(* Let $\mathcal{M}=(\mathcal{V}',\mathcal{E}')$ be a finite graph with shortest-path distance $d_{\mathcal{M}}$, and let $d,\ell\ge1$ be integers. Let $A_1,\dots,A_\ell\in\mathbb{R}^{|\mathcal{V}'|d\times|\mathcal{V}'|d}$ be block matrices with $d\times d$ blocks $(A_i)_{u,q}$ indexed by $u,q\in\mathcal{V}'$, and suppose there exist $C_i\ge0$ and $0\le\lambda<1$ such that $\|(A_i)_{u,q}\|\le C_i\lambda^{d_{\mathcal{M}}(u,q)}$ for all $u,q\in\mathcal{V}'$ and all $i$. Choose $\delta>0$ with $\lambda'=\lambda+\delta<1$, and suppose \[ \tilde a:=\sum_{k=0}^\infty\Big(\frac{\lambda}{\lambda'}\Big)^k\sup_{u\in\mathcal{V}'}|\partial N_u^k|<\infty. \] Then for all $u,v\in\mathcal{V}'$, \[ \Big\|\Big(\prod_{i=1}^\ell A_i\Big)_{u,v}\Big\|\le C'(\lambda')^{d_{\mathcal{M}}(u,v)},\qquad C'=\tilde a^{\,\ell}\prod_{i=1}^\ell C_i. \]
   Context: $\|\cdot\|$ is the induced 2-norm on matrices. $N_u^k=\{q\in\mathcal{V}':d_{\mathcal{M}}(u,q)\le k\}$ and $\partial N_u^k=N_u^k\setminus N_u^{k-1}$ (with $N_u^{-1}=\emptyset$). *)

From HB Require Import structures.
From mathcomp Require Import all_boot all_order all_algebra.
From mathcomp Require Import all_classical all_reals all_analysis.
Set Implicit Arguments. Unset Strict Implicit. Unset Printing Implicit Defensive.
Import Order.TTheory GRing.Theory Num.Theory.
Local Open Scope ring_scope.

Definition walkb (V : finType) (e : rel V) (u v : V) (k : nat) : bool :=
  [exists p : k.-tuple V, path e u p && (last u p == v)].

(* Shortest-path distance: Some k with k minimal such that a walk of length *)
(* k exists (a shortest walk is a path, so has < #|V| edges); None (= +oo)  *)
(* if v is unreachable from u.                                              *)
Definition gdist (V : finType) (e : rel V) (u v : V) : option nat :=
  let k := find (walkb e u v) (iota 0 #|V|) in
  if (k < #|V|)%N then Some k else None.

(* lam ^ d with the convention lam ^ (+oo) = 0 *)
Definition dpow (R : realType) (lam : R) (k : option nat) : R :=
  if k is Some j then lam ^+ j else 0.

Definition nbhd (V : finType) (e : rel V) (u : V) (k : nat) : {set V} :=
  [set q | if gdist e u q is Some j then (j <= k)%N else false].

Definition bnbhd (V : finType) (e : rel V) (u : V) (k : nat) : {set V} :=
  nbhd e u k :\: (if k is k'.+1 then nbhd e u k' else finset.set0).

Definition vnorm2 (R : realType) (d : nat) (x : 'cV[R]_d) : R :=
  Num.sqrt (\sum_(i < d) x i ord0 ^+ 2).

Definition opnorm2 (R : realType) (d : nat) (M : 'M[R]_d) : R :=
  sup [set vnorm2 (M *m x) | x in [set x : 'cV[R]_d | vnorm2 x = 1]].

(* The d x d block (u,q) of a |V|d x |V|d matrix; row index of (u,a) is    *)
(* the mxvec_index of (enum_rank u, a), i.e. enum_rank u * d + a.           *)
Definition block (R : realType) (V : finType) (d : nat)
    (A : 'M[R]_(#|V| * d)) (u q : V) : 'M[R]_d :=
  \matrix_(a < d, b < d) A (mxvec_index (enum_rank u) a) (mxvec_index (enum_rank q) b).

Definition mxprod (R : realType) (n l : nat) (A : 'I_l -> 'M[R]_n) : 'M[R]_n :=
  \big[mulmx/1%:M]_(i < l) A i.

Definition aterm (R : realType) (V : finType) (e : rel V) (lam lam' : R)
    (k : nat) : R :=
  (lam / lam') ^+ k * (\max_(u : V) #|bnbhd e u k|)%:R.

From HB Require Import structures.
From mathcomp Require Import all_boot all_order all_algebra.
From mathcomp Require Import all_classical all_reals all_analysis.
From mathcomp Require Import ring lra.
Import Order.TTheory GRing.Theory Num.Theory numFieldNormedType.Exports.
Local Open Scope ring_scope.
Set Implicit Arguments. Unset Strict Implicit.
Unset Printing Implicit Defensive.

(* Induction on l, peeling off the first factor: the (u,v) block of A_1 P is
   sum_q (A_1)_{u,q} P_{q,v}, whose q-th term is at most
   C_1 lam^{d(u,q)} K lam'^{d(q,v)}.  Writing lam^{d(u,q)} =
   (lam/lam')^{d(u,q)} lam'^{d(u,q)} and using lam' <= 1 with the triangle
   inequality d(u,v) <= d(u,q) + d(q,v), the sum is at most
   C_1 K lam'^{d(u,v)} sum_q (lam/lam')^{d(u,q)}, and grouping the q by
   their distance to u bounds the last sum by the series a~. *)

Section GraphDistance.
Variables (V : finType) (e : rel V).
Implicit Types (u v q : V) (k : nat).

Lemma walkbP u v k :
  reflect (exists s : seq V, [/\ size s = k, path e u s & last u s = v])
          (walkb e u v k).
Proof.
apply: (iffP existsP) => [[p /andP[hp /eqP hl]]|[s [hs hp hl]]].
  by exists (val p); rewrite size_tuple.
have hs' : size s == k by rewrite hs.
by exists (Tuple hs') => /=; rewrite hp hl eqxx.
Qed.

Lemma walkb_cat u q v a b :
  walkb e u q a -> walkb e q v b -> walkb e u v (a + b).
Proof.
move=> /walkbP[s [hs hp hl]] /walkbP[t [ht hq hm]]; apply/walkbP.
by exists (s ++ t); rewrite size_cat hs ht cat_path last_cat hl hp hq.
Qed.

Lemma walkb_shorten u v k :
  walkb e u v k -> exists2 j, (j < #|V|)%N & walkb e u v j.
Proof.
move=> /walkbP[s [_ hp hl]]; case: (shortenP hp) hl => s' hp' hu _ hl.
exists (size s'); last by apply/walkbP; exists s'.
by move/card_uniqP: hu => /= <-; apply: max_card.
Qed.

Lemma gdist_ltn u v k : gdist e u v = Some k -> (k < #|V|)%N.
Proof. by rewrite /gdist; case: ifP => // hk [<-]. Qed.

Lemma gdist_walkb u v k : gdist e u v = Some k -> walkb e u v k.
Proof.
rewrite /gdist; case: ifP => // hk [<-].
have := nth_find 0%N (s := iota 0 #|V|) (a := walkb e u v).
by rewrite nth_iota ?add0n //; apply; rewrite has_find size_iota.
Qed.

Lemma gdist_le_walkb u v k :
  walkb e u v k -> exists2 c, gdist e u v = Some c & (c <= k)%N.
Proof.
move=> hw; have [j hj hwj] := walkb_shorten hw.
have find_le i : (i < #|V|)%N -> walkb e u v i ->
    (find (walkb e u v) (iota 0 #|V|) <= i)%N.
  move=> hi hwi; rewrite leqNgt; apply/negP => /(before_find 0%N).
  by rewrite nth_iota // add0n hwi.
have hc := find_le j hj hwj.
exists (find (walkb e u v) (iota 0 #|V|)).
  by rewrite /gdist (leq_ltn_trans hc hj).
have [hk|hk] := ltnP k #|V|; first exact: find_le.
exact: leq_trans hc (ltnW (leq_trans hj hk)).
Qed.

Lemma gdistxx u : gdist e u u = Some 0%N.
Proof.
have /gdist_le_walkb[c ->] : walkb e u u 0 by apply/walkbP; exists [::].
by rewrite leqn0 => /eqP ->.
Qed.

Lemma gdist_triangle u q v a b :
  gdist e u q = Some a -> gdist e q v = Some b ->
  exists2 c, gdist e u v = Some c & (c <= a + b)%N.
Proof.
by move=> /gdist_walkb h1 /gdist_walkb h2; apply: gdist_le_walkb (walkb_cat h1 h2).
Qed.

Lemma in_bnbhd u k q : (q \in bnbhd e u k) = (gdist e u q == Some k).
Proof.
rewrite /bnbhd /nbhd; case: k => [|k]; rewrite !inE.
  by case: (gdist e u q) => // -[].
case: (gdist e u q) => // j; rewrite -ltnNge.
have -> : (Some j == Some k.+1) = (j == k.+1) by [].
by rewrite eqn_leq andbC.
Qed.

End GraphDistance.

Section EuclideanNorm.
Variables (R : realType) (d : nat).
Implicit Types (x y : 'cV[R]_d) (M N : 'M[R]_d).

Lemma vnorm2_ge0 x : 0 <= vnorm2 x.
Proof. exact: sqrtr_ge0. Qed.

Lemma vnorm2_sqr x : vnorm2 x ^+ 2 = \sum_i x i ord0 ^+ 2.
Proof. by rewrite sqr_sqrtr // sumr_ge0 // => i _; rewrite sqr_ge0. Qed.

Lemma vnorm2_eq0 x : vnorm2 x = 0 -> x = 0.
Proof.
move=> h; have : \sum_i x i ord0 ^+ 2 = 0 by rewrite -vnorm2_sqr h expr0n.
move/psumr_eq0P => hx; apply/matrixP => i j; rewrite (ord1 j) mxE.
by apply/eqP; rewrite -sqrf_eq0; apply/eqP/hx => // k _; rewrite sqr_ge0.
Qed.

Lemma vnorm20 : vnorm2 (0 : 'cV[R]_d) = 0.
Proof. by rewrite /vnorm2 big1 ?sqrtr0 // => i _; rewrite mxE expr0n. Qed.

Lemma vnorm2Z a x : vnorm2 (a *: x) = `|a| * vnorm2 x.
Proof.
rewrite /vnorm2 (eq_bigr (fun i => a ^+ 2 * x i ord0 ^+ 2)); last first.
  by move=> i _; rewrite mxE exprMn.
by rewrite -mulr_sumr sqrtrM ?sqr_ge0 // sqrtr_sqr.
Qed.

Lemma cauchy_schwarz_vnorm2 x y :
  \sum_i x i ord0 * y i ord0 <= vnorm2 x * vnorm2 y.
Proof.
have [/vnorm2_eq0 ->|a0] := eqVneq (vnorm2 x) 0.
  by rewrite big1 ?vnorm20 ?mul0r // => i _; rewrite mxE mul0r.
have [/vnorm2_eq0 ->|b0] := eqVneq (vnorm2 y) 0.
  by rewrite big1 ?vnorm20 ?mulr0 // => i _; rewrite mxE mulr0.
set a := vnorm2 x; set b := vnorm2 y; set S := \sum_i _.
have hab : 0 < 2 * a * b by rewrite !mulr_gt0 // lt0r ?a0 ?b0 vnorm2_ge0.
rewrite -(ler_pM2l hab) [X in _ <= X](_ : _ = 2 * a ^+ 2 * b ^+ 2); last by ring.
(* termwise AM-GM: 2 a b x_i y_i <= b^2 x_i^2 + a^2 y_i^2 *)
have -> : 2 * a ^+ 2 * b ^+ 2 =
    \sum_i (x i ord0 ^+ 2 * b ^+ 2 + y i ord0 ^+ 2 * a ^+ 2).
  rewrite big_split /= -!mulr_suml -!vnorm2_sqr -/a -/b; ring.
rewrite /S mulr_sumr; apply: ler_sum => i _.
have := sqr_ge0 (x i ord0 * b - y i ord0 * a); nra.
Qed.

Lemma ler_vnorm2D x y : vnorm2 (x + y) <= vnorm2 x + vnorm2 y.
Proof.
rewrite -(ler_pXn2r (n := 2)) // ?nnegrE ?addr_ge0 ?vnorm2_ge0 //.
rewrite vnorm2_sqr (eq_bigr (fun i => x i ord0 ^+ 2 + y i ord0 ^+ 2
   + 2 * (x i ord0 * y i ord0))); last by move=> i _; rewrite mxE; ring.
rewrite !big_split /= -mulr_sumr -!vnorm2_sqr.
have := cauchy_schwarz_vnorm2 x y; nra.
Qed.

Lemma ler_vnorm2_sum (I : finType) (F : I -> 'cV[R]_d) :
  vnorm2 (\sum_i F i) <= \sum_i vnorm2 (F i).
Proof.
elim/big_ind2: _ => [|a b c f h1 h2|//]; first by rewrite vnorm20.
by apply: le_trans (ler_vnorm2D _ _) _; apply: lerD.
Qed.

Lemma abs_coord_le_vnorm2 x j : `|x j ord0| <= vnorm2 x.
Proof.
rewrite -(ler_pXn2r (n := 2)) ?nnegrE ?vnorm2_ge0 // real_normK ?num_real //.
by rewrite vnorm2_sqr (bigD1 j) //= lerDl sumr_ge0 // => i _; rewrite sqr_ge0.
Qed.

Lemma opnorm2_bounded M :
  has_ubound [set vnorm2 (M *m x) | x in [set x : 'cV[R]_d | vnorm2 x = 1]].
Proof.
exists (\sum_j vnorm2 (col j M)) => _ [x hx <-].
have -> : M *m x = \sum_j x j ord0 *: col j M.
  apply/matrixP => i k; rewrite (ord1 k) !mxE summxE.
  by apply: eq_bigr => j _; rewrite !mxE mulrC.
apply: le_trans (ler_vnorm2_sum _) _; apply: ler_sum => j _.
rewrite vnorm2Z ler_piMl ?vnorm2_ge0 // -hx; exact: abs_coord_le_vnorm2.
Qed.

Lemma ler_opnorm2 M x : vnorm2 x = 1 -> vnorm2 (M *m x) <= opnorm2 M.
Proof. by move=> hx; apply: (ub_le_sup (opnorm2_bounded M)); exists x. Qed.

Hypothesis hd : (0 < d)%N.

Let unit_vector : vnorm2 (delta_mx (Ordinal hd) ord0 : 'cV[R]_d) = 1.
Proof.
rewrite /vnorm2 (bigD1 (Ordinal hd)) //= big1 ?addr0 ?mxE ?eqxx ?expr1n ?sqrtr1 //.
by move=> i /negPf hi; rewrite mxE hi expr0n.
Qed.

Lemma opnorm2_le M c :
  (forall x, vnorm2 x = 1 -> vnorm2 (M *m x) <= c) -> opnorm2 M <= c.
Proof.
move=> h; apply: ge_sup; last by move=> _ [x hx <-]; exact: h.
by exists (vnorm2 (M *m delta_mx (Ordinal hd) ord0)), (delta_mx (Ordinal hd) ord0).
Qed.

Lemma opnorm2_ge0 M : 0 <= opnorm2 M.
Proof. exact: le_trans (vnorm2_ge0 _) (ler_opnorm2 M unit_vector). Qed.

Lemma ler_opnorm2_mulmx M x : vnorm2 (M *m x) <= opnorm2 M * vnorm2 x.
Proof.
have [/vnorm2_eq0 ->|n0] := eqVneq (vnorm2 x) 0.
  by rewrite mulmx0 vnorm20 mulr0.
have hn : 0 < vnorm2 x by rewrite lt0r n0 vnorm2_ge0.
have hy : vnorm2 ((vnorm2 x)^-1 *: x) = 1.
  by rewrite vnorm2Z ger0_norm ?invr_ge0 ?vnorm2_ge0 // mulVf.
have := ler_opnorm2 M hy.
by rewrite -scalemxAr vnorm2Z ger0_norm ?invr_ge0 ?vnorm2_ge0 // ler_pdivrMl // mulrC.
Qed.

Lemma ler_opnorm2_sum (I : finType) (F : I -> 'M[R]_d) :
  opnorm2 (\sum_i F i) <= \sum_i opnorm2 (F i).
Proof.
apply: opnorm2_le => x hx; rewrite mulmx_suml.
apply: le_trans (ler_vnorm2_sum _) _; apply: ler_sum => i _; exact: ler_opnorm2.
Qed.

Lemma ler_opnorm2_mul M N : opnorm2 (M *m N) <= opnorm2 M * opnorm2 N.
Proof.
apply: opnorm2_le => x hx; rewrite -mulmxA.
apply: le_trans (ler_opnorm2_mulmx _ _) _.
by apply: ler_wpM2l; [exact: opnorm2_ge0 | exact: ler_opnorm2].
Qed.

Lemma opnorm2_scalar_le (a : R) : opnorm2 (a%:M : 'M[R]_d) <= `|a|.
Proof. by apply: opnorm2_le => x hx; rewrite mul_scalar_mx vnorm2Z hx mulr1. Qed.

End EuclideanNorm.

Section Blocks.
Variables (R : realType) (V : finType) (d : nat).

Lemma block_mulmx (M N : 'M[R]_(#|V| * d)) u v :
  block (M *m N) u v = \sum_q block M u q *m block N q v.
Proof.
apply/matrixP => a b; rewrite !mxE summxE.
rewrite (reindex (uncurry (@mxvec_index #|V| d))) /=; last exact: curry_mxvec_bij.
rewrite [RHS](reindex (@enum_val V predT)) /=; last first.
  by exists (@enum_rank V) => i _; [apply: enum_valK | apply: enum_rankK].
under [RHS]eq_bigr do rewrite mxE; rewrite pair_bigA.
by apply: eq_bigr => -[i c] _; rewrite !mxE enum_valK.
Qed.

Lemma block1 (u v : V) :
  block (1%:M : 'M[R]_(#|V| * d)) u v = (u == v)%:R%:M.
Proof.
apply/matrixP => a b; rewrite !mxE /mxvec_index (inj_eq (@cast_ord_inj _ _ _)).
rewrite (inj_eq (@enum_rank_inj _)) xpair_eqE (inj_eq (@enum_rank_inj _)).
by case: (u == v); case: (a == b).
Qed.

End Blocks.

Lemma mxprod0 (R : realType) n (A : 'I_0 -> 'M[R]_n) : mxprod A = 1%:M.
Proof. exact: big_ord0. Qed.

Lemma mxprodS (R : realType) n l (A : 'I_l.+1 -> 'M[R]_n) :
  mxprod A = A ord0 *m mxprod (fun i : 'I_l => A (lift ord0 i)).
Proof. exact: big_ord_recl. Qed.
• • • •
Problem to solve: Which lines above contain the word "eqxx"? List them.

Exercise answer:
by exists (Tuple hs') => /=; rewrite hp hl eqxx.
rewrite /vnorm2 (bigD1 (Ordinal hd)) //= big1 ?addr0 ?mxE ?eqxx ?expr1n ?sqrtr1 //.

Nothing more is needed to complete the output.